[Stored data]
/---
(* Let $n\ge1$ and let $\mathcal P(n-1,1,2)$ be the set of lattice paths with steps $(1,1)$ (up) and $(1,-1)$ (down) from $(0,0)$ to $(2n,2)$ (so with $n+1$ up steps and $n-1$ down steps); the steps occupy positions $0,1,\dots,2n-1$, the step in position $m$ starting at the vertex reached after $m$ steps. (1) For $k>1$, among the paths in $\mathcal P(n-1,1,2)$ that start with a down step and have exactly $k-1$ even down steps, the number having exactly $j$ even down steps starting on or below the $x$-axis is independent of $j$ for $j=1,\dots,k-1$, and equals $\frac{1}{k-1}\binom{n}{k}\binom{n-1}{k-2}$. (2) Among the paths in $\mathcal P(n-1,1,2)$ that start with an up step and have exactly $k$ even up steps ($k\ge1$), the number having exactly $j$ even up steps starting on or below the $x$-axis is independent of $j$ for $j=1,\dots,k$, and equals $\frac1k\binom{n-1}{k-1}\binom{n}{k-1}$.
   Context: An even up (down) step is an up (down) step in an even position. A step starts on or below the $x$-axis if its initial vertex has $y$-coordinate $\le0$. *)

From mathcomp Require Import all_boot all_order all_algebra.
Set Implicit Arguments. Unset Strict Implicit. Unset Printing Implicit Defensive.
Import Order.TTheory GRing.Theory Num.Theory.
\---
/---
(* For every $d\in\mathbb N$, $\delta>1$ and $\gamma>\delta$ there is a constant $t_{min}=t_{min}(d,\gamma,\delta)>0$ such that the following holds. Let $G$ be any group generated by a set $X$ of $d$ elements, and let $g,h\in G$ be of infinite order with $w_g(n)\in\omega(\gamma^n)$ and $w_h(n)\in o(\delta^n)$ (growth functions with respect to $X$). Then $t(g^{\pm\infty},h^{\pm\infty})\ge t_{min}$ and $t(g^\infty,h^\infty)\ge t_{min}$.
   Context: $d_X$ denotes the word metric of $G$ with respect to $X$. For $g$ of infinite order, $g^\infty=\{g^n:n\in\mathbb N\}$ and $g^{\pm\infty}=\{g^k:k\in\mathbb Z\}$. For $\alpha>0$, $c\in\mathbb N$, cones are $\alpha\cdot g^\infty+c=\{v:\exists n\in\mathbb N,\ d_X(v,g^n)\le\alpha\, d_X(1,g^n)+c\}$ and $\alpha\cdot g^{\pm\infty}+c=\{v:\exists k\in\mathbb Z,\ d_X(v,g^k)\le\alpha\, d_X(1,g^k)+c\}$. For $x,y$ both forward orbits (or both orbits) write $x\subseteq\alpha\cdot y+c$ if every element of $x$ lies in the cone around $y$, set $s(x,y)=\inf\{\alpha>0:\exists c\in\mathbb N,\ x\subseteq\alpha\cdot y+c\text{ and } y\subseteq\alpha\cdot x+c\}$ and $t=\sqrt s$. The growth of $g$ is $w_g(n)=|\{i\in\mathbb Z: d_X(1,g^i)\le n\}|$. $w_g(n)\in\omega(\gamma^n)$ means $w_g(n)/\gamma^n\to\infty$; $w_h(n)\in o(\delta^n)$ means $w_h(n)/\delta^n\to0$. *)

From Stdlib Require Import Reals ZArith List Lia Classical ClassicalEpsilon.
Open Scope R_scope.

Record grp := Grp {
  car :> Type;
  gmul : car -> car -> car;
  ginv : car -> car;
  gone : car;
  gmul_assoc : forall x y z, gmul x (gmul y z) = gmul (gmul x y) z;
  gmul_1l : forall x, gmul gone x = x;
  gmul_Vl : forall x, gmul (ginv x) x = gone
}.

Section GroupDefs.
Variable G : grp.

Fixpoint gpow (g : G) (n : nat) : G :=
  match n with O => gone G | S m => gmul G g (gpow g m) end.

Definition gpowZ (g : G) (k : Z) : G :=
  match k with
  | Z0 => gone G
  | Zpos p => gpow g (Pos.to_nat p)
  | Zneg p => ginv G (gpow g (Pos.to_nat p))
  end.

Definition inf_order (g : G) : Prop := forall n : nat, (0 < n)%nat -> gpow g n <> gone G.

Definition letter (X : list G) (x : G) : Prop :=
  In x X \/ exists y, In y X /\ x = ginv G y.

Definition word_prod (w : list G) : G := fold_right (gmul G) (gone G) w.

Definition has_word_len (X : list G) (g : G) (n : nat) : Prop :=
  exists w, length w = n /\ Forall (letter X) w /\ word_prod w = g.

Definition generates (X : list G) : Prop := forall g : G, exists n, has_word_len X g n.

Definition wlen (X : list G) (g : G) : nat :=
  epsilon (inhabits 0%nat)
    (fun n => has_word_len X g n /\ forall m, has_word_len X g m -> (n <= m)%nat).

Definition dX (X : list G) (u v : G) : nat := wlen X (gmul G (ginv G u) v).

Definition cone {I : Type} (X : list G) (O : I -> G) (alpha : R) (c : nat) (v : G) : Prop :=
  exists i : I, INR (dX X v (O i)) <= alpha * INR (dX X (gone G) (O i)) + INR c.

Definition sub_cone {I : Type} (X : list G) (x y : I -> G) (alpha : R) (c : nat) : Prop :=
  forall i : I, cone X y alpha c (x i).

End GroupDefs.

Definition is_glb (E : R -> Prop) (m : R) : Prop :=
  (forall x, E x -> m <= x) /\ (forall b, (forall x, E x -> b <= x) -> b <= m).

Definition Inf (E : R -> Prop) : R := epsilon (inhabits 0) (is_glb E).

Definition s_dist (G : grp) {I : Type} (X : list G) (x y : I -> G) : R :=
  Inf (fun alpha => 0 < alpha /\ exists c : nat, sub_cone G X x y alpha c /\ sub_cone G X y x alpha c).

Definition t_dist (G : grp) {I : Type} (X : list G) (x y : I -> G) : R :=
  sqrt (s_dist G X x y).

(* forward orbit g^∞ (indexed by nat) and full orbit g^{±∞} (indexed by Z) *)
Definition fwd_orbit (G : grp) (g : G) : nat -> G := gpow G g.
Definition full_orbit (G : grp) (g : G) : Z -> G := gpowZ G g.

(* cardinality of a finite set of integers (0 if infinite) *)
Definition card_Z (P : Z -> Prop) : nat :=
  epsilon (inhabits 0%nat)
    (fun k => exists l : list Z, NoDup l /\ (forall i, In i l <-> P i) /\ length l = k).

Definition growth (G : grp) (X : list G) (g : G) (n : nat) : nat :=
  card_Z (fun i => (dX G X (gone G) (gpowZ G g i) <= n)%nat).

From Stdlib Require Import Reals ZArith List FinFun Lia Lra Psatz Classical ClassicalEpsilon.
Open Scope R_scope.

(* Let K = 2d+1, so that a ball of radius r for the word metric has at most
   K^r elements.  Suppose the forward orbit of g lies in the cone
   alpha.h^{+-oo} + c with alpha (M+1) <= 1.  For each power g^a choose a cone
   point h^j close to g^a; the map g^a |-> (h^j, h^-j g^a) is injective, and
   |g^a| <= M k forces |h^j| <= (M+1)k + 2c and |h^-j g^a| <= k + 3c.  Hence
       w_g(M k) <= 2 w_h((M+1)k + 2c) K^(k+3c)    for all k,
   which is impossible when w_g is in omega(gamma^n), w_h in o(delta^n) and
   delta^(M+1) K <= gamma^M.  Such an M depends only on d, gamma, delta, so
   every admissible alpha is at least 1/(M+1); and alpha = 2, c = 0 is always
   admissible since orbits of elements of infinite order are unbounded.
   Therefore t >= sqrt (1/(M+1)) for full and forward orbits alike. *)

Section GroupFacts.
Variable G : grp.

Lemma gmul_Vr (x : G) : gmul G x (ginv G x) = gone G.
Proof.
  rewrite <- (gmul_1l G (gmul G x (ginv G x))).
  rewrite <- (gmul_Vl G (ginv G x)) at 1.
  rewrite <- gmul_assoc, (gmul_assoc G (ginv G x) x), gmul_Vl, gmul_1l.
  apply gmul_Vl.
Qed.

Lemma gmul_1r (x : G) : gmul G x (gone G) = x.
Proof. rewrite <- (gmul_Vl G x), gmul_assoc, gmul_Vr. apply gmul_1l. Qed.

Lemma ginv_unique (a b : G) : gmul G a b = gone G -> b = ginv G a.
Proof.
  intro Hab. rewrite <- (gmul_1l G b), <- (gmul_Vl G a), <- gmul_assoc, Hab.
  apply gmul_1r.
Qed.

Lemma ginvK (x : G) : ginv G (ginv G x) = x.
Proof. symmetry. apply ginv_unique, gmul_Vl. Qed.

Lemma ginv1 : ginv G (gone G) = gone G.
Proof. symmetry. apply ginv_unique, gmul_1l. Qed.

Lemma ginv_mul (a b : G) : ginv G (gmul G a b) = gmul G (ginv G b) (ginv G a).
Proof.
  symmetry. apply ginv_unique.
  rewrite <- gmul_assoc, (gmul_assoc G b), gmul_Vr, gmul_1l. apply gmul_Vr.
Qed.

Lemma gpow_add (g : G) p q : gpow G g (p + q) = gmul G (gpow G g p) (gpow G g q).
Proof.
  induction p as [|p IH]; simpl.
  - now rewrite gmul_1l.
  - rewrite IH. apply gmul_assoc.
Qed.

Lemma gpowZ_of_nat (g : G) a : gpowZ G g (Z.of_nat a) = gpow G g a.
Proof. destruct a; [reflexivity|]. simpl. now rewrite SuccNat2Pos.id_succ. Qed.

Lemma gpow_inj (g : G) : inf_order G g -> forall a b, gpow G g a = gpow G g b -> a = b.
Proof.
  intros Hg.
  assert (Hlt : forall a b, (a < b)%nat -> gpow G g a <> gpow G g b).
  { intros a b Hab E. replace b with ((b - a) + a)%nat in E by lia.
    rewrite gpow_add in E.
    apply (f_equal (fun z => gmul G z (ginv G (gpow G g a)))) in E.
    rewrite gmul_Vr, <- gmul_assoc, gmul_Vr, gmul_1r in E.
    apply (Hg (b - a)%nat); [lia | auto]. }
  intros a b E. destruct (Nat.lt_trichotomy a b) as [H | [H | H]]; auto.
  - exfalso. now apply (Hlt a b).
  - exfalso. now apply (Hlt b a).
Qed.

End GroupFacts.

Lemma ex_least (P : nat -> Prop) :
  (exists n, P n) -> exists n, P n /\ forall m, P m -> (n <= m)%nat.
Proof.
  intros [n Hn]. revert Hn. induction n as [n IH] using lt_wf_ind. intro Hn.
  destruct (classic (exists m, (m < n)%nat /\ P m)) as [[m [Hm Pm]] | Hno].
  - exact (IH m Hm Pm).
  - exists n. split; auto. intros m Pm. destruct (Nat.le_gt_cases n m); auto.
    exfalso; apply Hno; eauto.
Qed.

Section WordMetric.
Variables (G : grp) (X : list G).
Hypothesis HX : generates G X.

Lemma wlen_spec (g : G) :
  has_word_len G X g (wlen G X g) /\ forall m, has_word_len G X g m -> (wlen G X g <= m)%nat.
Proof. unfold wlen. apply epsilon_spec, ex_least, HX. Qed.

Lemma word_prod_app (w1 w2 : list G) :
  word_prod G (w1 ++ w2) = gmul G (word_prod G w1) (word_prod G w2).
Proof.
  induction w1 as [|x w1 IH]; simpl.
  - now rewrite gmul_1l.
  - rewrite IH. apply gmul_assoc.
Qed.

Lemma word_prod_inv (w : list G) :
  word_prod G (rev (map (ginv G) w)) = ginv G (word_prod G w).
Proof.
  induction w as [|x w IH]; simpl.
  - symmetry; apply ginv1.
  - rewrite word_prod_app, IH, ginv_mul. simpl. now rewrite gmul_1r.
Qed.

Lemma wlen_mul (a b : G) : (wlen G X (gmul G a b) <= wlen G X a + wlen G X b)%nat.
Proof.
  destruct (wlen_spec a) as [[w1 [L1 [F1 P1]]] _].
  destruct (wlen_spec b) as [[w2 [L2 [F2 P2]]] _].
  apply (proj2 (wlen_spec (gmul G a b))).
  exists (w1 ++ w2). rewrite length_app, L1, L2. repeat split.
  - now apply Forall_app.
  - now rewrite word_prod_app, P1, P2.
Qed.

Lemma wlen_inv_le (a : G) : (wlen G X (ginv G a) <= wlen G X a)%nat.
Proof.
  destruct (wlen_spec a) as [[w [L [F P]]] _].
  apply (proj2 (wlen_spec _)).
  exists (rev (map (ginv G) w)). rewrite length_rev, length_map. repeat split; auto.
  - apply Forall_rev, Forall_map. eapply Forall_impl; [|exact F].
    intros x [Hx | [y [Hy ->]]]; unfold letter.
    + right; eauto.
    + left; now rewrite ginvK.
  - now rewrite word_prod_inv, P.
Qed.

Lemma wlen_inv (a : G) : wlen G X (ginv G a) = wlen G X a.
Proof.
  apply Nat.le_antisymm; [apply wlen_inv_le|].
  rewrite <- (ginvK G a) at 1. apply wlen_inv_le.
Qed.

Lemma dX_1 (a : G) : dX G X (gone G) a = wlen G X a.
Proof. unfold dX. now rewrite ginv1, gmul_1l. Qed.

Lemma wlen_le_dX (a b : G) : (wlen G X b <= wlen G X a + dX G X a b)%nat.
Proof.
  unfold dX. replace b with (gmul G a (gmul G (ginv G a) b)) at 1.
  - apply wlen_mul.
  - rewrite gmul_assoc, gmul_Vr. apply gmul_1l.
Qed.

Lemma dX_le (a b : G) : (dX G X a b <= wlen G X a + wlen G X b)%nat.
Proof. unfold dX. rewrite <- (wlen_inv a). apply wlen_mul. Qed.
\---
▶ **ABOUT THIS TASK**:
Print the lines above from the one with "p => gpow g (Pos.to_nat p)" through the one with "(fun n => has_word_len", both included, exactly as written and nothing more.

▶ **SOLUTION FOR THIS EXERCISE**:
  | Zpos p => gpow g (Pos.to_nat p)
  | Zneg p => ginv G (gpow g (Pos.to_nat p))
  end.

Definition inf_order (g : G) : Prop := forall n : nat, (0 < n)%nat -> gpow g n <> gone G.

Definition letter (X : list G) (x : G) : Prop :=
  In x X \/ exists y, In y X /\ x = ginv G y.

Definition word_prod (w : list G) : G := fold_right (gmul G) (gone G) w.

Definition has_word_len (X : list G) (g : G) (n : nat) : Prop :=
  exists w, length w = n /\ Forall (letter X) w /\ word_prod w = g.

Definition generates (X : list G) : Prop := forall g : G, exists n, has_word_len X g n.

Definition wlen (X : list G) (g : G) : nat :=
  epsilon (inhabits 0%nat)
    (fun n => has_word_len X g n /\ forall m, has_word_len X g m -> (n <= m)%nat).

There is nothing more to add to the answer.